NLP describes a subfield of AI. It is used in numerous medical applications where text data has to be analyzed and human writing or speech has to be understood and interpreted. For example, this includes medical chatbots, in retrospective selection of data from unstructured records (2), in research queries (3) in billing and coding (4), and in studies to analyze drug safety (5, 6).
Regarding the use of NLP for assessment of radiological reports, different clinical question have been addressed in previous studies such as the detection of suspicious findings in mammography (7), identification of site-specific bone fractures (8), tumor stage NLP (9) and other specified diagnoses (10, 11) (12, 13). In this context, NLP is increasingly being used for the extraction of relevant information from radiology reports in clinical studies (14-16).
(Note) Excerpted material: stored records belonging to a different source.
Lemma res_diff_proj_res (X : mod) (eps : 'M[k]_(m + rad_dim l, mdim X))
    (R : 'M[k]_(rad_dim l, p)) :
  is_hom (X := proj_sum l) eps -> row_full eps ->
  res_diff 0 *m eps = 0 -> (kermx eps <= res_diff 0)%MS ->
  Iota *m R = 1%:M ->
  (forall u, vert_mx lk u *m Iota = Iota *m vert_mx (rad_label l) u) ->
  proj_res res_diff eps.
Proof.
move=> Heps eps_full d0eps keps IotaR Iota_lab; split => //.
- by case=> [|j]; apply: proj_sum_projective.
- case=> [|j]; last exact: rad_incl_hom.
  by apply/layered_homP; split=> *; rewrite ?mulmx0 ?mul0mx.
- case=> [|j]; split.
  + by rewrite /= /rad_incl mulmx_block ?mulmx0 ?mul0mx ?addr0 ?mul1mx block_mx0.
  + apply: kermx_in_rad => A; rewrite -[A]hsubmxK mul_row_block ?mulmx0 ?mul0mx.
    rewrite ?addr0 ?add0r -row_mx0 => /eq_row_mx[_ AI]; rewrite row_mxKl.
    by rewrite -[lsubmx A]mulmx1 -IotaR mulmxA AI mul0mx.
  + by rewrite /= /rad_incl mulmx_block ?mulmx0 ?mul0mx ?addr0 ?mul1mx block_mx0.
  + apply: kermx_in_rad => A; rewrite /= /rad_incl -[A]hsubmxK mul_row_block.
    rewrite ?mulmx0 ?mul0mx ?addr0 ?add0r -row_mx0 => /eq_row_mx[_ A1].
    by rewrite row_mxKl -A1 mulmx1.
Qed.

End Resolution.

Definition hom_exact (P2 P1 P0 Y : mod) (d1 : 'M[k]_(mdim P1, mdim P0))
    (d2 : 'M[k]_(mdim P2, mdim P1)) : Prop :=
  forall f : 'M[k]_(mdim P1, mdim Y), is_hom f -> d2 *m f = 0 ->
  exists g : 'M[k]_(mdim P0, mdim Y), is_hom g /\ f = d1 *m g.
Arguments hom_exact {P2 P1 P0} Y d1 d2.

(* [f] sends the radical vectors (b0, a0) and (b0, a1) of [proj_sum L] to a0
   and 0 in P_v, whereas a map on [proj_sum L] scales all the (b0, a) alike. *)
Lemma rad_incl_not_hom_exact n (L : 'I_n -> Q0 Q) v (b0 : 'I_n) a0 a1 :
  L b0 = v -> qs a0 = v -> qs a1 = v -> a0 != a1 ->
  ~ hom_exact (proj_at v) (rad_incl L) (rad_incl (rad_label L)).
Proof.
move=> Lb0 a0v a1v a01 exact_v; pose lv := fun _ : 'I_1 => v.
pose phi : 'M[k]_(rad_dim L, rad_dim lv) :=
  \matrix_(j, y) ((rad_elt L j == (b0, a0)) && (rad_elt lv y == (ord0, a0)))%:R.
pose f : 'M[k]_(mdim (proj_sum (rad_label L)), mdim (proj_at v)) :=
  block_mx (0 : 'M[k]_(rad_dim L, 1)) phi 0 0.
have Hf : is_hom f.
  apply/layered_homP; split=> [u|u|u|u|a]; rewrite ?mulmx0 ?mul0mx //.
  apply/matrixP => j y; rewrite mul_vert_mx mul_mx_vert mxE.
  case: andP => [[/eqP E1 /eqP E2]|_]; last by rewrite mulr0 mul0r.
  by rewrite /rad_label E1 E2 mulr1 mul1r.
have d2f0 : rad_incl (rad_label L) *m f = 0.
  by rewrite /= /rad_incl mulmx_block ?mulmx0 ?mul0mx ?addr0 block_mx0.
have [g [Hg]] := exact_v _ Hf d2f0.
rewrite -[g]submxK in Hg *.
rewrite /f /= /rad_incl mulmx_block ?mul0mx ?mul1mx ?add0r ?addr0.
case/eq_block_mx => _ phiE _ _; case/layered_homP: Hg => _ _ _ _ g_ma.
have phi_g a (Ha : qs a == L b0) (Hv : qs a == lv ord0) :
    phi (enum_rank (rad_pair Ha)) (enum_rank (rad_pair Hv)) = ulsubmx g b0 ord0.
  have [_ E _] := g_ma a.
  have := congr1 (fun M : 'M[k]_(n, rad_dim lv) => M b0 (enum_rank (rad_pair Hv))) E.
  rewrite -phiE [LHS]mxE [RHS]mxE big_ord1.
  under eq_bigr do rewrite [rad_arrow_mx _ _ _ _]mxE.
  by rewrite (sum_rad_pair _ Ha) [rad_arrow_mx _ _ _ _]mxE rad_elt_pair eqxx mulr1.
have Ha0 : qs a0 == L b0 by rewrite a0v Lb0.
have Ha1 : qs a1 == L b0 by rewrite a1v Lb0.
have := phi_g _ Ha1 (introT eqP a1v); rewrite -(phi_g _ Ha0 (introT eqP a0v)) !mxE.
rewrite !rad_elt_pair !eqxx !xpair_eqE eqxx /= eq_sym (negbTE a01) => /eqP.
by rewrite eq_sym oner_eq0.
Qed.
PET/CT is mainly used for detection of tumor lesions and staging of tumor spread in oncological patients. Major tumor entities examined by PET/CT include Melanoma, Prostate Cancer, Lung Cancer, Lymphoma and Neuroendocrine Tumors (17-21). However, not only the status of the known or suspected disease is crucial for therapy and patient management but also clinically relevant secondary findings such as inflammation, vascular complications and unknown secondary tumors. Incidental findings are quite common (22) and can be important for definition of scan protocols, reporting strategies and further management, especially in oncology.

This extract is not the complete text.